# happy birthday DR. Killinger



## pyro (Oct 7, 2006)




----------



## Johnny Thunder (Feb 24, 2006)




----------



## Spooky1 (Aug 25, 2008)

Happy Birthday Dr. K!!!!!


----------



## Adam I (Jun 16, 2007)

Happy Birthday !!


----------



## Draik41895 (Oct 25, 2008)

Happy birthday!!!!hop you like your cake!!!!


----------



## HouseBloodthorn (Aug 16, 2007)

AHAHAHA! I love my cards and cakes. LOL. Thank you all very much.

I have to say it's pretty cool sharing my birthday with Zombie Jesus Day and
I hope all of YOU have a great one.

Thanks again.


Your humble haunter,
Guy (Dr. K)


----------



## Frighteners Entertainment (Jan 24, 2006)

Cool, so did you get cake?


----------



## HouseBloodthorn (Aug 16, 2007)

Chocolate-frosted Zombie Jesus cake. :zombie:

mmmm

Sacrilicious.


----------



## RoxyBlue (Oct 6, 2008)

A very happy birthday to one of my Forum buddies!


----------



## sharpobject (May 7, 2008)

Happy Birthday !!!


----------



## slightlymad (May 25, 2006)

Happy Horror Day


----------



## HouseBloodthorn (Aug 16, 2007)

Thank you all very much for the nice birthday wishes.

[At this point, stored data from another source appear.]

(* Let $n,a,t,k\in\mathbb N$ satisfy $t<a<n$. Assume $\mathcal F_1,\dots,\mathcal F_k\subseteq\binom{[n]}{a}$ satisfy $$|\mathcal F_i|\ge 2^{k-2}\cdot\sqrt{32a(n-a)}\cdot\exp\left(-\frac{(a-t-1)^2}{40a}\right)\cdot\binom{n}{a}+2^{k-2}$$ for all $i\in\{1,\dots,k\}$. Then there are $F_1\in\mathcal F_1,\dots,F_k\in\mathcal F_k$ such that $|F_1\cap F_i|\ge t+1$ for all $i\in\{2,\dots,k\}$.
   Context: $[n]=\{1,\dots,n\}$ and $\binom{[n]}{a}$ denotes the family of all $a$-element subsets of $[n]$. *)

From mathcomp Require Import all_boot.
From Stdlib Require Import Reals.

(* Fix P in the first family and call it lonely for i if it meets every member
   of F_i in at most t points.  On the a-subsets S of [n], the function
   S |-> max_(P lonely for i) |S :&: P| equals a on the lonely sets, is at most t
   on F_i, and changes by at most 1 when one element of S is exchanged.  Exposing
   the elements of S one at a time, with Hoeffding's lemma at each step, shows that
   both level sets are exponentially small:
   |lonely_i| |F_i| <= (C(n, a) exp(-(a - t)^2 / (32 a)))^2.
   The size hypothesis then makes the lonely sets, over all i, fewer than |F_1|,
   so some P in F_1 has a partner meeting it in more than t points in every F_i. *)

From mathcomp Require Import all_boot.
From Stdlib Require Import Reals.
From mathcomp Require Import all_order all_algebra perm Rstruct ring lra.

Import Order.TTheory GRing.Theory Num.Theory.
Set Implicit Arguments. Unset Strict Implicit. Unset Printing Implicit Defensive.
Local Open Scope ring_scope.

(* Stdlib's [exp] reads its argument in [R_scope]; [expR] reads it in [ring_scope]. *)
Local Notation expR x := (exp x%R).

Lemma expR_gt0 (x : R) : 0 < expR x.
Proof. exact/RltP/exp_pos. Qed.

Lemma expR_ge1Dx (x : R) : 1 + x <= expR x.
Proof. exact/RleP/exp_ineq1_le. Qed.

Lemma ler_expR (x y : R) : x <= y -> expR x <= expR y.
Proof.
rewrite le_eqVlt => /predU1P[-> // | /RltP lt_xy].
exact/ltW/RltP/exp_increasing.
Qed.

Lemma expR_add (x y : R) : expR (x + y) = expR x * expR y.
Proof. by rewrite expRD RplusE. Qed.

Lemma expR_le_1DxD2sqr (x : R) : x <= 1 / 2 -> expR x <= 1 + x + 2 * x ^+ 2.
Proof.
(* exp x <= 1 / (1 - x) <= 1 + x + 2 x^2 *)
move=> x_le.
have expR_1Bx : expR x * (1 - x) <= 1.
  have : expR x * (1 - x) <= expR x * expR (- x).
    by rewrite ler_pM2l ?expR_gt0 //; exact: expR_ge1Dx.
  by rewrite -expR_add subrr expR0.
have quad_1Bx : 1 <= (1 + x + 2 * x ^+ 2) * (1 - x).
  have : 0 <= x ^+ 2 * (1 - 2 * x) by rewrite mulr_ge0 ?sqr_ge0 //; lra.
  by rewrite -subr_ge0; congr (0 <= _); ring.
rewrite -(@ler_pM2r _ (1 - x)); [exact: le_trans quad_1Bx | lra].
Qed.

Lemma expR_mul_le (lam d : R) : 0 <= lam <= 1 / 2 -> `|d| <= 1 ->
  expR (lam * d) <= 1 + lam * d + 2 * lam ^+ 2.
Proof.
move=> /andP[lam_ge0 lam_le] /[!ler_norml] /andP[d_ge d_le].
have lamd_sqr : (lam * d) ^+ 2 <= lam ^+ 2.
  by rewrite exprMn ler_piMr ?sqr_ge0 //; nra.
by apply: le_trans (expR_le_1DxD2sqr _) _; [nra | lra].
Qed.

Section Average.
Variables (I : finType) (A : {set I}).

Lemma sum_expR_centered_le (d : I -> R) (lam : R) :
  0 <= lam <= 1 / 2 -> (forall i, i \in A -> `|d i| <= 1) -> \sum_(i in A) d i = 0 ->
  \sum_(i in A) expR (lam * d i) <= #|A|%:R * expR (2 * lam ^+ 2).
Proof.
move=> lam_range d_le1 sum_d0.
apply: le_trans (_ : \sum_(i in A) (1 + lam * d i + 2 * lam ^+ 2) <= _).
  by apply: ler_sum => i iA; apply: expR_mul_le; last exact: d_le1.
rewrite !big_split /= -mulr_sumr sum_d0 mulr0 addr0 !sumr_const -mulrnDl.
by rewrite [leRHS]mulr_natl; apply: ler_wMn2r; apply: expR_ge1Dx.
Qed.

Definition avg (f : I -> R) := (\sum_(i in A) f i) / #|A|%:R.

Lemma avgN (f : I -> R) :
  avg (fun i => - f i) = - avg f.
Proof. by rewrite /avg sumrN mulNr. Qed.

Lemma sum_sub_avg (f : I -> R) :
  \sum_(i in A) (f i - avg f) = 0.
Proof.
have [A0 | [i0 i0A]] := set_0Vmem A; first by rewrite A0 big_set0.
have A_gt0 : 0 < #|A|%:R :> R by rewrite ltr0n card_gt0; apply/set0Pn; exists i0.
by rewrite sumrB sumr_const /avg; field; rewrite gt_eqF.
Qed.

Lemma norm_sub_avg_le (f : I -> R) i :
  {in A &, forall j k, `|f j - f k| <= 1} -> i \in A -> `|f i - avg f| <= 1.
Proof.
move=> f_close iA.
have A_gt0 : 0 < #|A|%:R :> R by rewrite ltr0n card_gt0; apply/set0Pn; exists i.
have -> : f i - avg f = (\sum_(j in A) (f i - f j)) / #|A|%:R.
  by rewrite sumrB sumr_const /avg; field; rewrite gt_eqF.
rewrite normrM [`|_^-1|]gtr0_norm ?invr_gt0 // ler_pdivrMr // mul1r.
apply: le_trans (ler_norm_sum _ _ _) _.
by rewrite -sum1_card natr_sum ler_sum // => j jA; apply: f_close.
Qed.

Lemma norm_avgB_le (f g : I -> R) :
  {in A, forall i, `|f i - g i| <= 1} -> `|avg f - avg g| <= 1.
Proof.
move=> fg_close; have [A0 | [i0 i0A]] := set_0Vmem A.
  by rewrite /avg A0 !big_set0 !mul0r subrr normr0.
have A_gt0 : 0 < #|A|%:R :> R by rewrite ltr0n card_gt0; apply/set0Pn; exists i0.
rewrite /avg -mulrBl -sumrB normrM [`|_^-1|]gtr0_norm ?invr_gt0 // ler_pdivrMr // mul1r.
apply: le_trans (ler_norm_sum _ _ _) _.
by rewrite -sum1_card natr_sum ler_sum.
Qed.

End Average.

Section Slices.
Variable T : finType.
Implicit Types (U S W : {set T}) (m : nat) (f : {set T} -> R).

Definition slice U m : {set {set T}} := [set S : {set T} | S \subset U & #|S| == m].

Lemma card_slice U m : #|slice U m| = 'C(#|U|, m).
Proof. exact: cards_draws. Qed.

Lemma card_slice_setD1 U m x : x \in U -> #|slice (U :\ x) m| = 'C(#|U|.-1, m).
Proof. by move=> xU; rewrite card_slice (cardsD1 x U) xU. Qed.

Lemma slice0 U : slice U 0 = [set set0].
Proof.
apply/setP => S; rewrite !inE cards_eq0.
by case: eqP => [->|]; rewrite ?sub0set ?andbF.
Qed.

Lemma sum_slice_setU1 (V : nmodType) U m (h : {set T} -> V) :
  \sum_(x in U) \sum_(S in slice (U :\ x) m) h (x |: S) =
  (\sum_(S in slice U m.+1) h S) *+ m.+1.
Proof.
transitivity (\sum_(x in U) \sum_(S in slice U m.+1 | x \in S) h S).
  apply: eq_bigr => x xU.
  rewrite [RHS](reindex_onto (fun S : {set T} => x |: S) (fun S : {set T} => S :\ x)) /=; last first.
    by move=> S /andP[_ xS]; rewrite setD1K.
  symmetry; apply: eq_bigl => S; rewrite !inE.
  case xS: (x \in S).
    rewrite subsetD1 xS !andbF [_ == S](_ : _ = false) ?andbF //.
    by apply/negbTE/eqP => eqS; move: xS; rewrite -eqS !inE eqxx.
  rewrite setU1K ?xS // eqxx subUset sub1set xU subsetD1 xS cardsU1 xS /=.
  by rewrite eqxx add1n eqSS !andbT.
rewrite (exchange_big_dep (mem (slice U m.+1))) /=; last by move=> x S _ /andP[].
rewrite -sumrMnl; apply: eq_bigr => S; rewrite inE => /andP[sU /eqP cS].
rewrite sumr_const -cS; congr (_ *+ _); apply: eq_card => x.
by rewrite unfold_in sU eqxx /=; apply/andb_idl/(subsetP sU).
Qed.

Lemma mem_tperm_imset x y W z : (z \in tperm x y @: W) = (tperm x y z \in W).
Proof.
apply/imsetP/idP => [[w wW ->] | zW]; first by rewrite tpermK.
by exists (tperm x y z); rewrite ?tpermK.
Qed.

Lemma sum_slice_tperm (V : nmodType) U m x y (h : {set T} -> V) : x \in U -> y \in U ->
  \sum_(S in slice (U :\ y) m) h S = \sum_(S in slice (U :\ x) m) h (tperm x y @: S).
Proof.
move=> xU yU.
rewrite (reindex (fun S : {set T} => tperm x y @: S)) /=; last first.
  exists (fun S : {set T} => tperm x y @: S) => S _;
    by apply/setP => z; rewrite !mem_tperm_imset tpermK.
apply: eq_bigl => S; rewrite !inE card_imset; last exact: perm_inj.
rewrite sub_imset_pre (_ : tperm x y @^-1: (U :\ y) = U :\ x) //.
apply/setP => z; rewrite !inE.
case: (tpermP x y z) => [-> | -> | /eqP/negbTE -> /eqP/negbTE ->] //.
- by rewrite eqxx xU yU; case: eqP.
- by rewrite xU yU eq_sym.
Qed.

Definition swap_lipschitz (f : {set T} -> R) := forall S S',
  (#|S :\: S'| <= 1)%nat -> (#|S' :\: S| <= 1)%nat -> `|f S - f S'| <= 1.

Lemma swap_lipschitz_setU1 f x : swap_lipschitz f -> swap_lipschitz (fun S => f (x |: S)).
Proof.
move=> f_lip S S' S_S' S'_S; apply: f_lip.
  apply: leq_trans S_S'; apply: subset_leq_card; apply/subsetP => z.
  by rewrite !inE negb_or => /andP[/andP[/negbTE zx ->]]; rewrite zx.
apply: leq_trans S'_S; apply: subset_leq_card; apply/subsetP => z.
by rewrite !inE negb_or => /andP[/andP[/negbTE zx ->]]; rewrite zx.
Qed.

Lemma swap_lipschitzN f : swap_lipschitz f -> swap_lipschitz (fun S => - f S).
Proof. by move=> f_lip S S' S_S' S'_S; rewrite -opprD normrN; apply: f_lip. Qed.

Lemma swap_lipschitz_tperm f x y W : swap_lipschitz f -> x \in W ->
  `|f (tperm x y @: W) - f W| <= 1.
Proof.
move=> f_lip xW; apply: f_lip.
  rewrite -(cards1 y); apply/subset_leq_card/subsetP => z; rewrite !inE mem_tperm_imset.
  by case: tpermP => [-> | -> | _ _]; rewrite ?xW ?eqxx ?andNb.
rewrite -(cards1 x); apply/subset_leq_card/subsetP => z; rewrite !inE mem_tperm_imset.
by case: tpermP => [-> | -> | _ _]; rewrite ?xW ?eqxx ?andNb.
Qed.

It was a pretty decent Zombie Jesus Day too. Hope everyone had a great one as well.

All the best.

Your humble haunter,
Guy


----------



## The Bloodshed Brothers (Jan 25, 2009)

happy birthday!


----------



## Lady Nyxie (Aug 30, 2006)

Happy Belated Birthday!!!


----------



## HouseBloodthorn (Aug 16, 2007)

Thank you, Nyxie and Bros!


----------



## Hauntiholik (May 17, 2006)

A very happy belated b-day to you Doc Killinger.


----------



## HauntCast (Jul 25, 2008)

Better late than never, Happy B Day!


----------



## Revenant (Mar 17, 2007)

Wha... I missed it? Dang!

Happy (belated) birthday, Guy! Hope everything,s coming up roses for you!


----------